First, we'll need to figure out what the [league minimum](https://www.statista.com/statistics/256187/minimum-salary-of-players-in-major-league-baseball/) is.

By definition, it's the lowest number in the salary data. We could also reasonably expect that number to occur more frequently than other numbers.

So first, let's use the [`min()`](https://pandas.pydata.org/pandas-docs/stable/generated/pandas.DataFrame.min.html) method to see what the lowest salary value is; then we'll use `value_counts()` to check the frequency. (If we wanted to get crazy, we could also get the [`mode()`](https://pandas.pydata.org/pandas-docs/stable/generated/pandas.Series.mode.html) of the SALARY column -- there's always a zillion ways to skin the cat.)

In [None]:
# min() value of SALARY column


In [None]:
# take the mode() for kicks


In [None]:
# value_counts() on salary to verify + head()


#### Bonus Q: What percentage of MLB players make the league minimum?

First, we can filter to get just the players who make the league minimum. Then we can use the built-in Python function `len()` to get the count. We can also use `len()` to count the records in our main data frame -- `df`, the one will all of the players in it -- and from there the math is straightforward: `(part / whole) * 100`

In [None]:
# filter to get just league minimum


In [None]:
# calculate the percent who make minimum

# and print it


### Q: Which teams have the biggest payrolls?

To answer this question, we're again going to use equivalent of an Excel pivot table. Our steps:

1. Select the two columns we're interested in: `[TEAM, SALARY]`
2. Use the [`groupby()`](https://pandas.pydata.org/pandas-docs/stable/generated/pandas.DataFrame.groupby.html) method to group the data by team
3. Use the [`sum()`](https://pandas.pydata.org/pandas-docs/stable/generated/pandas.core.groupby.GroupBy.sum.html) method to sum salaries by team
4. Use the [`sort_values()`](https://pandas.pydata.org/pandas-docs/stable/generated/pandas.DataFrame.sort_values.html) method to sort the results descending

_Furthermore_, we're gonna chain these methods together and do it all in one whack.
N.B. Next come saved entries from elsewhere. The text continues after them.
Lemma Gprod_sum_types (q : pred nat) (q0 : q 0%N) (l : typ) (NA : typ -> nat) :
  is_type l ->
  (forall t, NA t = arr_card q (arr_bound t).+1 (fst_at t) (snd_at t) (fst_at l) (snd_at l)) ->
  forall mu, Gprod q (enum_mset l) mu = sum_types (tdeg l) NA mu.
Proof.
move=> l_type NAE mu; rewrite /sum_types.
have [v_mu|] := boolP (valid mu); last first.
  move=> nv_mu; rewrite big1 => [|t _]; last by rewrite /Mser (negbTE nv_mu) mulr0.
  by apply/eqP; apply: contraNT nv_mu; apply: Gprod_valid.
pose X : seq var := finsupp mu.
have supp_mu x : mu x != 0%N -> x \in X by rewrite -mem_finsupp.
have mu_lt x : (mu x < (arr_bound (mtype mu)).+1)%N.
  rewrite ltnS /arr_bound /mtype (perm_big _ (perm_eq_seq_mset _)) big_map.
  have [xX|xX] := boolP (x \in X); first by rewrite (big_rem _ xX) leq_addr.
  by rewrite (_ : mu x = 0%N) //; apply/eqP; apply: contraNT xX => /supp_mu.
rewrite (Gprod_coef q0 (fset_uniq _) _ _ supp_mu mu_lt); first last.
- by move=> p pl; case/andP: (allP l_type p pl).
- by move=> x; rewrite mem_finsupp; apply: (validP _ v_mu).
have ord_mu : ordering_of (fst_nth X) (fun k => mu (pnth X k)) (mtype mu).
  by rewrite /ordering_of /fst_nth /pnth (map_nth_enum_ord X (0, 0)%N (fun x => (x.1, mu x))).
have [deg_mu|deg_mu] := eqVneq (mdeg mu) (tdeg l).
  have mem_mu : mtype mu \in types_of_deg (tdeg l).
    by rewrite -deg_mu -tdeg_mtype; apply/mem_types_of_deg/is_type_mtype.
  rewrite (bigD1_seq _ mem_mu (undup_uniq _)) /= big1 ?addr0; last first.
    by move=> t /negbTE; rewrite /Mser v_mu eq_sym => ->; rewrite mulr0.
  rewrite /Mser v_mu eqxx mulr1 NAE; congr Posz.
  exact: arr_card_ordering ord_mu (ordering_of_enum _).
rewrite big1_seq; last first.
  move=> t /andP[_ mem_t]; rewrite /Mser v_mu; case: eqP => [e|]; last by rewrite mulr0.
  by move: deg_mu; rewrite -(tdeg_types_of_deg mem_t) -e tdeg_mtype eqxx.
rewrite /arr_card; apply/eqP; rewrite eqz_nat cards_eq0; apply/eqP/setP => A.
rewrite !inE; apply/negbTE/negP => /andP[/is_arr_weight weight _]; move: deg_mu.
rewrite (mdeg_pnth (fset_uniq _) supp_mu) (eq_bigr _ (fun k _ => mulnC _ _)).
by rewrite [tdeg l](big_nth (0, 0)%N) big_mkord -weight eqxx.
Qed.

End SumTypes.

(* Both counts are taken with a common entry bound, beyond which there are no
   arrangements, and then transposed. *)
Lemma arr_card_ttr (q : pred nat) t l : is_type t -> is_type l ->
  arr_card q (arr_bound t).+1 (fst_at t) (snd_at t) (fst_at l) (snd_at l) =
  arr_card q (arr_bound (ttr l)).+1 (fst_at (ttr l)) (snd_at (ttr l))
       (fst_at (ttr t)) (snd_at (ttr t)).
Proof.
move=> t_type l_type; set K := (arr_bound t + arr_bound (ttr l))%N.
rewrite (@arr_card_widen _ _ K) ?leq_addr //; last first.
  move=> A arrA i j; apply: leq_trans (snd_at_le_bound i).
  exact: is_arr_entry_le arrA (snd_at_gt0 l_type) i j.
rewrite [RHS](@arr_card_widen _ _ K) ?leq_addl //; last first.
  move=> A arrA i j; apply: leq_trans (snd_at_le_bound i).
  exact: is_arr_entry_le arrA (snd_at_gt0 (is_type_ttr t_type)) i j.
rewrite arr_card_trmx.
rewrite (arr_card_ordering _ _ _ _ (ordering_of_ttr (ordering_of_enum l)) (ordering_of_enum _)).
exact: arr_card_ordering_col (ordering_of_ttr (ordering_of_enum t)) (ordering_of_enum _).
Qed.

Theorem theorem4 (l : typ) (Hl : is_type l) :
  (* H_lambda = sum_tau a(tau,lambda) M_tau, over types tau of degree d *)
  (forall mu : mon, Hlam l mu = sum_types (tdeg l) (fun t => num_arr t l) mu) /\
  (* E^+_lambda = sum_tau e(tau,lambda) M_tau *)
  (forall mu : mon, Elam l mu = sum_types (tdeg l) (fun t => num_arr01 t l) mu) /\
  (* a(tau,lambda) = a(lambda^t,tau^t) and e(tau,lambda) = e(lambda^t,tau^t) *)
  (forall t : typ, is_type t -> tdeg t = tdeg l ->
     num_arr t l = num_arr (ttr l) (ttr t) /\
     num_arr01 t l = num_arr01 (ttr l) (ttr t)) /\
  (* realized by A |-> A^T, for any fixed orderings of tau and lambda (the  *)
  (* induced orderings of lambda^t = {(n_j,c_j)} and tau^t = {(m_i,b_i)})   *)
  (forall (t : typ), is_type t -> tdeg t = tdeg l ->
   forall (r s : nat) (b m : 'I_r -> nat) (c n : 'I_s -> nat),
     ordering_of b m t -> ordering_of c n l ->
     ordering_of n c (ttr l) /\ ordering_of m b (ttr t) /\
     forall A : 'M[nat]_(r, s),
       is_arr b m c n A = is_arr n c m b A^T /\
       (is_arr b m c n A && is01 A) = (is_arr n c m b A^T && is01 A^T)).
Proof.
split.
  move=> mu; rewrite Hlam_Gprod.
  by apply: Gprod_sum_types => // t; rewrite num_arrE.
split.
  by apply: (@Gprod_sum_types (fun k => k <= 1)%N) => // t; rewrite num_arr01E.
split.
  by move=> t t_type _; rewrite !num_arrE !num_arr01E; split; apply: arr_card_ttr.
move=> t t_type _ r s b m c n ord_bm ord_cn.
split; first exact: ordering_of_ttr ord_cn.
split; first exact: ordering_of_ttr ord_bm.
by move=> A; rewrite -is_arr_trmx -is01_trmx.
Qed.
(* Let $G\colon\mathsf{Nom}\to\mathsf{Nom}$ be $GX=2\times X^{\mathbb{A}}\times[\mathbb{A}]X$. The terminal $G$-coalgebra is the nominal set $\mathcal{P}_{\mathsf{fs}}(\overline{\mathbb{A}}^*/{=_\alpha})$ of all bar languages with the structure $\tau(S)=(b,\,a\mapsto S_a,\,S_{\mathord{|}a})$, where $b=1$ if $[\varepsilon]_\alpha\in S$ and $b=0$ otherwise, $S_a=\{[w]_\alpha:[aw]_\alpha\in S\}$, and $S_{\mathord{|}a}=\langle a\rangle\{[w]_\alpha:[\mathord{|}a\,w]_\alpha\in S\}$ for any $a$ fresh for $S$.
   Context: Fix a countably infinite set $\mathbb{A}$ of names; $\mathsf{Nom}$ is the category of nominal sets and equivariant maps; $2=\{0,1\}$ with trivial action; $X^{\mathbb{A}}$ is the exponential (finitely supported functions). $[\mathbb{A}]X=(\mathbb{A}\times X)/\sim$ with $(a,x)\sim(b,y)$ iff $(a\,c)\cdot x=(b\,c)\cdot y$ for fresh $c$; classes $\langle a\rangle x$. $\mathcal{P}_{\mathsf{fs}}Y$ is the nominal set of finitely supported subsets of $Y$; $a$ fresh for $S$ means $a$ not in the least support of $S$. Bar strings are words over $\overline{\mathbb{A}}=\mathbb{A}\cup\{\mathord{|}a:a\in\mathbb{A}\}$ (pointwise action); $=_\alpha$ is the least equivalence relation with $x\,\mathord{|}a\,v=_\alpha x\,\mathord{|}b\,w$ whenever $\langle a\rangle v=\langle b\rangle w$ (i.e. $a=b,v=w$, or $b$ fresh for $v$ and $(a\,b)\cdot v=w$); $[w]_\alpha$ denotes classes, with action $\pi\cdot[w]_\alpha=[\pi\cdot w]_\alpha$. *)

From Stdlib Require Import Arith List Lia Classical ClassicalEpsilon
  FunctionalExtensionality PropExtensionality ProofIrrelevance.
From Stdlib Require Import Relations.Relation_Operators.
Import ListNotations.
Set Implicit Arguments.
And we can use `\` at the end of the line to tell Python that we're _not quite done yet_.

👉 For more details on grouping data in pandas, [see this notebook](../reference/Grouping%20data%20in%20pandas.ipynb)

In [None]:
# select TEAM, SALARY
# groupby TEAM
# sum()
# sort values descending on SALARY


In [None]:
# run head() to check top values


### Reformatting how the salary looks

If you'd like to change how the `SALARY` column is being displayed, you can change the [formatting specification](https://docs.python.org/3/library/string.html#format-examples) by handing off a dictionary to our grouped object's [`style.format`](https://pandas.pydata.org/pandas-docs/stable/style.html#Finer-Control:-Display-Values) attribute.
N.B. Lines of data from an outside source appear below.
(* All components of an efficient mu_m-grading of a field L are nonzero; the
   degree-0 part is a subfield K, and any nonzero x of degree 1 satisfies
   L = K(x), [L : K] = m and x^m \in K.  When L is Galois over Q, as
   Q(mu_(p^k)) is, g |-> g(x)/x maps Gal(L/K) injectively into the m-th roots
   of unity, so by counting every m-th root of unity is such a ratio and L
   contains a primitive one.  For q <> p this forces
   phi(q^n) phi(p^k) <= [L : Q] = phi(p^k), i.e. q^n = 2.
   For odd p the only involution in Gal(L/Q) = (Z/p^k)^* is complex conjugation
   s : z |-> z^-1.  For even m some automorphism of L/K sends x to -x; it is an
   involution, hence equals s.  So a mu_2-grading is the decomposition of L into
   the eigenspaces of s, and a mu_(2p)-grading would make s, which commutes with
   Gal(L/K), fix a primitive 2p-th root of unity g(x)/x, whose square would then
   be a p-th root of unity other than 1 fixed by s. *)

Lemma rmorph_factor (R A B : comNzRingType) (phi : {rmorphism R -> A})
    (psi : {rmorphism R -> B}) (s : A -> R) :
    cancel s phi -> (forall r, phi r = 0 -> psi r = 0) ->
  {f : {rmorphism A -> B} | forall r, f (phi r) = psi r}.
Proof.
move=> sK ker_psi.
have psi_s r : psi (s (phi r)) = psi r.
  by apply/eqP; rewrite -subr_eq0 -rmorphB ker_psi // rmorphB sK subrr.
have fB : zmod_morphism (psi \o s).
  by move=> a b /=; rewrite -{1}(sK a) -{1}(sK b) -rmorphB psi_s rmorphB.
have fM : monoid_morphism (psi \o s).
  split=> [|a b] /=; first by rewrite -(rmorph1 phi) psi_s rmorph1.
  by rewrite -{1}(sK a) -{1}(sK b) -rmorphM psi_s rmorphM.
pose fRM : {rmorphism A -> B} := HB.pack (psi \o s)
  (GRing.isZmodMorphism.Build _ _ _ fB) (GRing.isMonoidMorphism.Build _ _ _ fM).
by exists fRM => r /=; rewrite psi_s.
Qed.

(* Irreducibility of cyclotomic polynomials over Q is only available inside
   algC, so degrees over Q are computed through an embedding into algC. *)
Section RatExtension.
Variable L : fieldExtType rat.
Local Notation pL r := (map_poly (in_alg L) r).
Local Notation pC r := (map_poly (ratr : rat -> algC) r).

Lemma polyOver1_rat (r : {poly L}) : r \is a polyOver 1%VS ->
  r = pL (map_poly (coord [tuple 1] 0) r).
Proof.
move=> r1; rewrite -map_poly_comp map_poly_id // => _ /(allP r1)/vlineP[a ->] /=.
by rewrite linearZ /= (coord_free 0) ?mulr1 // seq1_free ?oner_eq0.
Qed.

Lemma minPoly1_rat (y : L) : {m : {poly rat} | minPoly 1 y = pL m}.
Proof. by eexists; apply/polyOver1_rat/minPolyOver. Qed.

Lemma rat_ext_algC_embedding (z : L) : <<1; z>>%VS = fullv -> {rmorphism L -> algC}.
Proof.
move=> genL; have [m Dm] := minPoly1_rat z.
have m_neq1 : size (pC m) != 1%N.
  by rewrite size_map_poly -(size_map_poly (in_alg L)) -Dm size_minPoly.
have [u u_root] := sig_eqW (closed_rootP _ m_neq1).
have cLz : commr_rmorph (in_alg L) z by move=> a; apply: mulrC.
have cCu : commr_rmorph (ratr : {rmorphism rat -> algC}) u by move=> a; apply: mulrC.
pose s v := map_poly (coord [tuple 1] 0) (Fadjoin_poly 1 z v).
have sK : cancel s (horner_morph cLz).
  move=> v; rewrite /horner_morph -polyOver1_rat ?Fadjoin_polyOver //.
  by rewrite Fadjoin_poly_eq // genL memvf.
have ker r : horner_morph cLz r = 0 -> horner_morph cCu r = 0.
  move=> /rootP rz; have /dvdpP[c ->] : m %| r.
    by rewrite -(dvdp_map (in_alg L)) -Dm; apply: minPoly_dvdp => //; apply: alg_polyOver.
  by rewrite rmorphM /= [X in _ * X]/horner_morph (rootP u_root) mulr0.
by have [f _] := rmorph_factor sK ker; exact: f.
Qed.

Variable f : {rmorphism L -> algC}.

Lemma horner_algC_embedding (r : {poly rat}) (y : L) : f (pL r).[y] = (pC r).[f y].
Proof.
rewrite -horner_map /= -map_poly_comp; congr (_.[_]).
by apply: eq_map_poly => a /=; rewrite rmorphZ_num rmorph1 mulr1.
Qed.

Lemma minCpoly_dvdp_minPoly1 (y : L) m : minPoly 1 y = pL m -> minCpoly (f y) %| pC m.
Proof.
move=> Dm; have [c [Dc _] dv_c] := minCpolyP (f y).
rewrite Dc dvdp_map -dv_c; apply/rootP.
by rewrite -horner_algC_embedding -Dm minPolyxx rmorph0.
Qed.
👉 For more information on dictionaries, [see this notebook](../reference/Python%20data%20types%20and%20basic%20syntax.ipynb#Dictionaries)

👉 For more information on using Python string formatting to display numbers, [see this notebook](../reference/String%20formatting.ipynb#Formatting-numbers).

In [None]:
# change the formatting of the salary column


# 📚 GROUP HOMEWORK 📚

In your groups, write the code necessary to answer these questions:
- How many starting pitchers make the league minimum?
- Which teams have designated hitters?
- Which Chicago team pays better (Sox or Cubs, you pick the metric for "better")?